Toutefois, la leçon apprise était que un jeu trop ouvert pouvait être une mauvaise chose et que parfois les meilleures idées devaient être incorporées à l’axe du jeu pour pouvoir rendre le jeu beaucoup mieux.

Le dernier était Hutchinson, qui a dirigé le design du gameplay entier de Spore. « Nous avons défié une des règles de base du design de jeu : ne pas mixer les genres ».

Mais c’est exactement là que Hutchinson voit la force de Spore. Quand les joueurs vont du niveau cellulaire au niveau créature, au niveau tribal, et partent à l’exploration de l’espace, le but est de donner au joueur l’impression de puissance de 10 en élargissant leur perspective de plus en plus loin.
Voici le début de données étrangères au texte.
(* linear substitution:  lsub_t k vs e e'  iff  e' is one of the terms of
   e<k := vs> : the occurrences of index k in e are replaced bijectively
   (in all possible ways, via the permutations) by the values of vs
   (which live in the outer context and are lifted under binders); the
   relation is empty unless k occurs exactly |vs| times free in e. *)
Inductive lsub_t : nat -> list rval -> rterm -> rterm -> Prop :=
| ls_app k vs vs1 vs2 s t s' t' :
    Permutation vs (vs1 ++ vs2) -> lsub_t k vs1 s s' -> lsub_t k vs2 t t' ->
    lsub_t k vs (RApp s t) (RApp s' t')
| ls_bag k vs b b' : lsub_b k vs b b' -> lsub_t k vs (RBag b) (RBag b')
with lsub_b : nat -> list rval -> list rval -> list rval -> Prop :=
| lsb_nil k : lsub_b k [] [] []
| lsb_cons k vs vs1 vs2 v v' b b' :
    Permutation vs (vs1 ++ vs2) -> lsub_v k vs1 v v' -> lsub_b k vs2 b b' ->
    lsub_b k vs (v :: b) (v' :: b')
with lsub_v : nat -> list rval -> rval -> rval -> Prop :=
| lsv_hit k v : lsub_v k [v] (RVar k) v
| lsv_lt k n : n < k -> lsub_v k [] (RVar n) (RVar n)
| lsv_gt k n : k < n -> lsub_v k [] (RVar n) (RVar (pred n))
| lsv_lam k vs t t' :
    lsub_t (S k) (List.map (rlift_v 0) vs) t t' -> lsub_v k vs (RLam t) (RLam t').

(* one reduction step  e -> E  with E a (finite) set of simple terms,
   represented as a predicate; closure under abstraction, both sides of
   application and bag elements, extended multilinearly. *)
Inductive rstep : rterm -> (rterm -> Prop) -> Prop :=
| r_beta t vs : rstep (RApp (RBag [RLam t]) (RBag vs)) (fun u => lsub_t 0 vs t u)
| r_zero b t : length b <> 1 -> rstep (RApp (RBag b) t) (fun _ => False)
| r_sigma1 t s1 s2 :
    rstep (RApp (RApp (RBag [RLam t]) s1) s2)
          (eq (RApp (RBag [RLam (RApp t (rlift_t 0 s2))]) s1))
| r_sigma3 v t s :
    rstep (RApp (RBag [v]) (RApp (RBag [RLam t]) s))
          (eq (RApp (RBag [RLam (RApp (RBag [rlift_v 0 v]) t)]) s))
| r_appl s t S : rstep s S -> rstep (RApp s t) (fun u => exists s', S s' /\ u = RApp s' t)
| r_appr s t T : rstep t T -> rstep (RApp s t) (fun u => exists t', T t' /\ u = RApp s t')
| r_bag b1 v b2 V : rvstep v V ->
    rstep (RBag (b1 ++ v :: b2)) (fun u => exists v', V v' /\ u = RBag (b1 ++ v' :: b2))
with rvstep : rval -> (rval -> Prop) -> Prop :=
| rv_lam t T : rstep t T -> rvstep (RLam t) (fun w => exists t', T t' /\ w = RLam t').

Definition rnormal (e : rterm) : Prop := forall E, ~ rstep e E.

(* nf e u : u belongs to the normal form nf(e).  Reduction is confluent
   and strongly normalizing, so nf(e) = NF(E) for any step e -> E;
   we take the union over all reduction paths, which is nf(e). *)
Inductive nf : rterm -> rterm -> Prop :=
| nf_refl e : rnormal e -> nf e e
| nf_step e E e' u : rstep e E -> E e' -> nf e' u -> nf e u.

Definition NF (E : rterm -> Prop) : rterm -> Prop :=
  fun u => exists e, E e /\ nf e u.

Inductive Tay : lam -> rterm -> Prop :=
| T_var x n : Tay (Var x) (RBag (repeat (RVar x) n))
| T_lam N ts : Forall (Tay N) ts -> Tay (Lam N) (RBag (List.map RLam ts))
| T_app P Q s t : Tay P s -> Tay Q t -> Tay (App P Q) (RApp s t).

Inductive Tn : lamb -> rterm -> Prop :=
| Tn_var x n : Tn (BVar x) (RBag (repeat (RVar x) n))
| Tn_lam A ts : Forall (Tn A) ts -> Tn (BLam A) (RBag (List.map RLam ts))
| Tn_bot : Tn Bot (RBag [])
| Tn_head x B t0 : Tn B t0 -> Tn (BApp (BVar x) B) (RApp (RBag [RVar x]) t0)
| Tn_neu P Q A s t : Tn (BApp P Q) s -> Tn A t -> Tn (BApp (BApp P Q) A) (RApp s t)
| Tn_redex A N s t : Tn A s -> Tn N t -> Tn (BApp (BLam A) N) (RApp (RBag [RLam s]) t).

Definition TnBT (M : lam) : rterm -> Prop :=
  fun t => exists A', inApprox A' M /\ Tn A' t.

Definition rincl (P Q : rterm -> Prop) : Prop :=
  forall t, P t -> exists t', Q t' /\ req t t'.

(* (1) If A ⊑ M, every element of T_n(A) already belongs to T(M), ⊥ being
   expanded as the empty bag. An approximant contains no redex and every
   abstraction in it is applied to a neutral term, so these simple terms are
   normal, hence their own normal forms.
   (2) Expanding A with singleton bags only yields an element of T_n(A) that
   determines A: its skeleton, invariant under permutation of bags, is matched
   by an element of T_n(A') only when A ⊑ A'. Taking A' ∈ 𝒜(M) gives
   A ⊑ A' ⊑ N for a reduct N of M. *)
From Stdlib Require Import List Permutation Lia.
Import ListNotations.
« Les jeux réussissent en général en disant qu’une fois que l’on apprend quelque chose, cela reste. Vous gardez cette information…on va ajouter plus d’information à cela » a dit Hutchinson. « Alors que nous disons, ‘Ouais, 50% de ce que vous apprenez reste, les autres 50% vous ne devez pas vous en inquiéter à mesure que vous progressez’ ».

Après un nombre incalculable de slides et assez d’informations pour décoiffer quelqu’un, Wright a terminé la présentation avec, « Il y a une tendance de jeux étant moins compliqué…ce qui est presque une chance pour ces jeux mais je pense que l’on peut atteindre un point d’équilibre (entre les jeux profonds et les jeux ‘je ramasse et je joue’), mais cela requiert beaucoup de recherche ».